Some measures that countries can put in place include: identifying potential threats and developing strategic health information systems; diversifying primary healthcare services to manage a broad range of health challenges; instituting effective data collection and use to support evidence-based decision-making; and facilitating collaboration and coordination between various healthcare entities to allow for a more comprehensive and effective response to health threats.

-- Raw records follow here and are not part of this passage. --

(* Let $C_0^2=3009$. Fix integers $1\le L_0\le K_0\le n$, integers $1\le L\le K\le n$, and a constant $s_0>0$. Let $$\mathcal S=\Big\{P\in\mathcal N(n,K,L):\ \|P-P_*\|_F\ge C_0\,2^{s_0}\sqrt{\tau(n,K_0,L_0)}\Big\}.$$ Then $$\mathbb P\Big\{\sup_{P\in\mathcal S}\Big[2\langle\Xi,P-P_*\rangle-\tfrac12\|P-P_*\|_F^2-2\Delta(n,K,L)\Big]\ge 0\Big\}\le\log_2 n\cdot\exp\big(-n\cdot 2^{2s_0-7}\big).$$
   Context: Network model: $n\ge 2$ nodes; $P_*\in[0,1]^{n\times n}$ is symmetric; $A\in\{0,1\}^{n\times n}$ is symmetric with entries $A_{ij}$, $1\le i\le j\le n$, independent, $A_{ij}\sim\mathrm{Bernoulli}((P_* )_{ij})$, and $A_{ji}=A_{ij}$. Notation: - $\Xi=A-P_*$. - $\langle M,N\rangle=\mathrm{Tr}(M^TN)$. - $\tau(n,K,L)=n\ln K+K\ln L+(K^2+2nL)\ln(9nL)$. - $\Delta(n,K,L)=C_0^2\,\tau(n,K,L)+n$. Nested Block Model class: for integers $1\le L\le K\le n$, $\mathcal N(n,K,L)$ is the set of matrices $P\in[0,1]^{n\times n}$ for which there exist a clustering function $z:\{1,\dots,n\}\to\{1,\dots,K\}$, a clustering function $c:\{1,\dots,K\}\to\{1,\dots,L\}$, a matrix $B\in[0,1]^{K\times K}$ and a matrix $H\in\mathbb R_+^{n\times L}$ such that, with $n_k=\#\{i:z(i)=k\}$, $$\sum_{i:\,z(i)=k}H_{i,l}=n_k\quad\text{for all }k\le K,\ l\le L,$$ and $$P_{ij}=B_{z(i),z(j)}\,H_{i,c(z(j))}\,H_{j,c(z(i))}\quad\text{for all }i,j.$$ *)

From Stdlib Require Import Reals ClassicalEpsilon.
From mathcomp Require Import all_boot.
Set Implicit Arguments. Unset Strict Implicit. Unset Printing Implicit Defensive.
Open Scope R_scope.

Definition mat (n : nat) := 'I_n -> 'I_n -> R.

Definition msub n (M N : mat n) : mat n := fun i j => M i j - N i j.

Definition frob n (M : mat n) : R :=
  sqrt (\big[Rplus/0]_(i : 'I_n) \big[Rplus/0]_(j : 'I_n) (M i j * M i j)).

Definition inner n (M N : mat n) : R :=
  \big[Rplus/0]_(i : 'I_n) \big[Rplus/0]_(j : 'I_n) (M i j * N i j).

Definition in_NBM (n K L : nat) (P : mat n) : Prop :=
  (forall i j, 0 <= P i j <= 1) /\
  exists (z : 'I_n -> 'I_K) (c : 'I_K -> 'I_L)
         (B : 'I_K -> 'I_K -> R) (H : 'I_n -> 'I_L -> R),
    (forall k l, 0 <= B k l <= 1) /\
    (forall i l, 0 <= H i l) /\
    (forall (k : 'I_K) (l : 'I_L),
        \big[Rplus/0]_(i : 'I_n | z i == k) H i l = INR #|[pred i | z i == k]|) /\
    (forall i j, P i j = B (z i) (z j) * H i (c (z j)) * H j (c (z i))).

Definition tauNBM (n K L : nat) : R :=
  INR n * ln (INR K) + INR K * ln (INR L)
  + (INR K * INR K + 2 * INR n * INR L) * ln (9 * INR n * INR L).

Definition C0sq : R := 3009.
Definition C0 : R := sqrt C0sq.

Definition DeltaNBM (n K L : nat) : R := C0sq * tauNBM n K L + INR n.

(* Sample space: the independent upper-triangular entries A_ij, i <= j.
   A sample is a boolean function on pairs whose strictly-lower entries are
   fixed to false (canonical representative). *)
Definition sample (n : nat) := {ffun 'I_n * 'I_n -> bool}.

Definition canonical_sample n (a : sample n) : bool :=
  [forall i : 'I_n, forall j : 'I_n, (j < i)%N ==> ~~ a (i, j)].

Definition adj n (a : sample n) : mat n := fun i j =>
  if (i <= j)%N then (if a (i, j) then 1 else 0)
  else (if a (j, i) then 1 else 0).

Definition bern (p : R) (b : bool) : R := if b then p else 1 - p.

Definition weight n (Ps : mat n) (a : sample n) : R :=
  \big[Rmult/1]_(i : 'I_n) \big[Rmult/1]_(j : 'I_n | (i <= j)%N)
     bern (Ps i j) (a (i, j)).

Definition prob n (Ps : mat n) (E : mat n -> Prop) : R :=
  \big[Rplus/0]_(a : sample n | canonical_sample a)
     (if excluded_middle_informative (E (adj a)) then weight Ps a else 0).

(* sup_{P in S} f P >= 0  (sup over a possibly empty set, -infinity if empty):
   literally, for every eps > 0 some P in S has f P > -eps. *)
Definition sup_ge0 n (S : mat n -> Prop) (f : mat n -> R) : Prop :=
  forall eps, 0 < eps -> exists P, S P /\ f P > - eps.

Definition log2 (x : R) : R := ln x / ln 2.

(* Quantizing B and H on fine grids (keeping z and c) gives a finite net of
   N(n,K,L) whose points are entrywise within 1/n^2 of every member of the
   class, and whose log-cardinality is at most 4 tau(n,K,L).  If the supremum
   is nonnegative at some P far from P_*, the linear statistic <Xi, Q - P_*>
   is large at a net point Q within 1/n^2 of P, and |Q - P_*|_F^2 is still at
   least C_0^2 4^s_0 tau(n,K_0,L_0) / 2 - 1.  For fixed Q this statistic is a
   sum of independent centred Bernoulli variables with bounded coefficients,
   so a Chernoff bound with lambda = 1/64 gives probability at most
   exp(-|Q - P_*|_F^2 / 1024 - (Delta - 2)/64).  The term C_0^2 tau(n,K,L) in
   Delta pays for the size of the net in the union bound, and tau >= 2n turns
   the remaining exponent into n 2^(2 s_0 - 7). *)
From Stdlib Require Import Reals Lra Lia ClassicalEpsilon ZArith.
From HB Require Import structures.
From mathcomp Require Import all_boot.
Open Scope R_scope.
Set Implicit Arguments. Unset Strict Implicit. Unset Printing Implicit Defensive.

Lemma RplusA : associative Rplus. Proof. by move=> x y z; ring. Qed.
Lemma RmultA : associative Rmult. Proof. by move=> x y z; ring. Qed.
Lemma RmultDl : left_distributive Rmult Rplus. Proof. by move=> x y z; ring. Qed.
Lemma RmultDr : right_distributive Rmult Rplus. Proof. by move=> x y z; ring. Qed.

HB.instance Definition _ := Monoid.isComLaw.Build R 0 Rplus RplusA Rplus_comm Rplus_0_l.
HB.instance Definition _ := Monoid.isComLaw.Build R 1 Rmult RmultA Rmult_comm Rmult_1_l.
HB.instance Definition _ := Monoid.isMulLaw.Build R 0 Rmult Rmult_0_l Rmult_0_r.
HB.instance Definition _ := Monoid.isAddLaw.Build R Rmult Rplus RmultDl RmultDr.

Section RealBigops.
Variable I : finType.

Lemma leR_sum (P : pred I) (F G : I -> R) :
  (forall i, P i -> F i <= G i) ->
  \big[Rplus/0]_(i | P i) F i <= \big[Rplus/0]_(i | P i) G i.
Proof. by move=> h; apply: (big_ind2 (fun x y => x <= y)) => //; [lra | move=> *; lra]. Qed.

Lemma sumR_ge0 (P : pred I) (F : I -> R) :
  (forall i, P i -> 0 <= F i) -> 0 <= \big[Rplus/0]_(i | P i) F i.
Proof. by move=> h; apply: (big_ind (fun x => 0 <= x)) => //; [lra | move=> *; lra]. Qed.

Lemma sumR_const (c : R) : \big[Rplus/0]_(i : I) c = INR #|I| * c.
Proof.
rewrite big_const; elim: #|I| => [|k IH]; first by rewrite /=; lra.
by rewrite iterS IH S_INR; lra.
Qed.

Lemma leR_sum_term (P : pred I) (F : I -> R) j :
  P j -> (forall i, P i -> 0 <= F i) -> F j <= \big[Rplus/0]_(i | P i) F i.
Proof.
move=> Pj h; rewrite (bigD1 j Pj) /=.
have : 0 <= \big[Rplus/0]_(i | P i && (i != j)) F i.
  by apply: sumR_ge0 => i /andP [] /h.
lra.
Qed.

Lemma leR_prod (P : pred I) (F G : I -> R) :
  (forall i, P i -> 0 <= F i <= G i) ->
  0 <= \big[Rmult/1]_(i | P i) F i <= \big[Rmult/1]_(i | P i) G i.
Proof.
move=> h; apply: (big_ind2 (fun x y => 0 <= x <= y)) => //; first lra.
move=> x1 x2 y1 y2 [h1 h2] [h3 h4]; split; first exact: Rmult_le_pos.
by apply: Rmult_le_compat; lra.
Qed.

Lemma exp_sum (P : pred I) (F : I -> R) :
  exp (\big[Rplus/0]_(i | P i) F i) = \big[Rmult/1]_(i | P i) exp (F i).
Proof. exact: (big_morph exp exp_plus exp_0). Qed.

End RealBigops.

Lemma Rle_exp x y : x <= y -> exp x <= exp y.
Proof. by case/Rle_lt_or_eq_dec => [h|->]; [left; exact: exp_increasing | lra]. Qed.

Lemma Rle_ln x y : 0 < x -> x <= y -> ln x <= ln y.
Proof. by move=> hx; case/Rle_lt_or_eq_dec => [h|->]; [left; exact: ln_increasing | lra]. Qed.

Lemma ln_ge0 x : 1 <= x -> 0 <= ln x.
Proof. by move=> hx; rewrite -ln_1; apply: Rle_ln; lra. Qed.

Lemma INR_ge1 k : (1 <= k)%N -> 1 <= INR k.
Proof. by move=> h; apply: (le_INR 1); apply/leP. Qed.

Lemma INR_muln a b : INR (a * b)%N = INR a * INR b.
Proof. by rewrite -mult_INR. Qed.

Lemma INR_expn a k : INR (a ^ k)%N = INR a ^ k.
Proof. by elim: k => [|k IH]; rewrite ?expn0 // expnS INR_muln IH. Qed.

Definition sqsum n (M : mat n) : R :=
  \big[Rplus/0]_(i : 'I_n) \big[Rplus/0]_(j : 'I_n) (M i j * M i j).

Lemma sqsum_ge0 n (M : mat n) : 0 <= sqsum M.
Proof. by apply: sumR_ge0 => i _; apply: sumR_ge0 => j _; apply: Rle_0_sqr. Qed.

Lemma frob_sq n (M : mat n) : frob M ^ 2 = sqsum M.
Proof. by rewrite /frob /= Rmult_1_r sqrt_sqrt //; apply: sqsum_ge0. Qed.

Lemma dsum_le_affine n (F G : 'I_n -> 'I_n -> R) a b :
  0 <= a -> (forall i j, F i j <= a * G i j + b) ->
  \big[Rplus/0]_(i : 'I_n) \big[Rplus/0]_(j : 'I_n) F i j <=
  a * (\big[Rplus/0]_(i : 'I_n) \big[Rplus/0]_(j : 'I_n) G i j) + INR n * INR n * b.
Proof.
move=> ha h.
apply: Rle_trans (_ : _ <= \big[Rplus/0]_(i : 'I_n) \big[Rplus/0]_(j : 'I_n) (a * G i j + b)) _.
  by apply: leR_sum => i _; apply: leR_sum => j _; apply: h.
under eq_bigr => i _ do rewrite big_split /= -big_distrr /= sumR_const card_ord.
by rewrite big_split /= sumR_const card_ord big_distrr /=; lra.
Qed.

Lemma sqsum_close n (X Y : mat n) eps :
  (forall i j, Rabs (X i j - Y i j) <= eps) ->
  sqsum X <= 2 * sqsum Y + INR n * INR n * (2 * eps ^ 2).
Proof.
move=> h; apply: dsum_le_affine; first lra.
move=> i j; have hd := h i j; have := Rabs_pos (X i j - Y i j).
have : (X i j - Y i j) * (X i j - Y i j) <= eps ^ 2 by split_Rabs; nra.
have := Rle_0_sqr (X i j - 2 * Y i j); rewrite /Rsqr; nra.
Qed.

Lemma inner_close n (Z X Y : mat n) eps :
  (forall i j, Rabs (Z i j) <= 1) -> (forall i j, Rabs (X i j - Y i j) <= eps) ->
  inner Z X <= inner Z Y + INR n * INR n * eps.
Proof.
move=> hZ h; rewrite -[inner Z Y]Rmult_1_l; apply: dsum_le_affine; first lra.
move=> i j; have hz := hZ i j; have hd := h i j.
have : Rabs (Z i j * (X i j - Y i j)) <= eps.
  rewrite Rabs_mult; have := Rabs_pos (Z i j); have := Rabs_pos (X i j - Y i j); nra.
move/(Rle_trans _ _ _ (Rle_abs _)); lra.
Qed.

(** * The probability space of upper triangles *)

Lemma dsum_upper_pairs n (phi : 'I_n -> 'I_n -> R) :
  \big[Rplus/0]_(i : 'I_n) \big[Rplus/0]_(j : 'I_n) phi i j =
  \big[Rplus/0]_(p : 'I_n * 'I_n | (p.1 <= p.2)%N)
     (phi p.1 p.2 + (if p.1 == p.2 then 0 else phi p.2 p.1)).
Proof.
rewrite pair_big /= (bigID (fun p : 'I_n * 'I_n => (p.1 <= p.2)%N)) /=.
rewrite big_split /=; congr (_ + _).
have swapK : involutive (fun p : 'I_n * 'I_n => (p.2, p.1)) by case.
rewrite (reindex_inj (inv_inj swapK)) /=.
rewrite big_mkcond [in RHS]big_mkcond /=; apply: eq_bigr => [[i j]] _ /=.
by rewrite -val_eqE /=; case: ltngtP.
Qed.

Conclusion and key takeaways

The threats faced, from drug resistance and insecticide resistance to climate change and fragile healthcare systems, highlight the complex web of challenges to be addressed if we are to end malaria in Africa.

As we celebrate the achievements of the past, we must also harness this momentum to drive forward and intensify our commitment to research, innovation, and collaboration. Further, we must focus on strengthening healthcare systems to fully overcome the challenges and pave the way for ending malaria.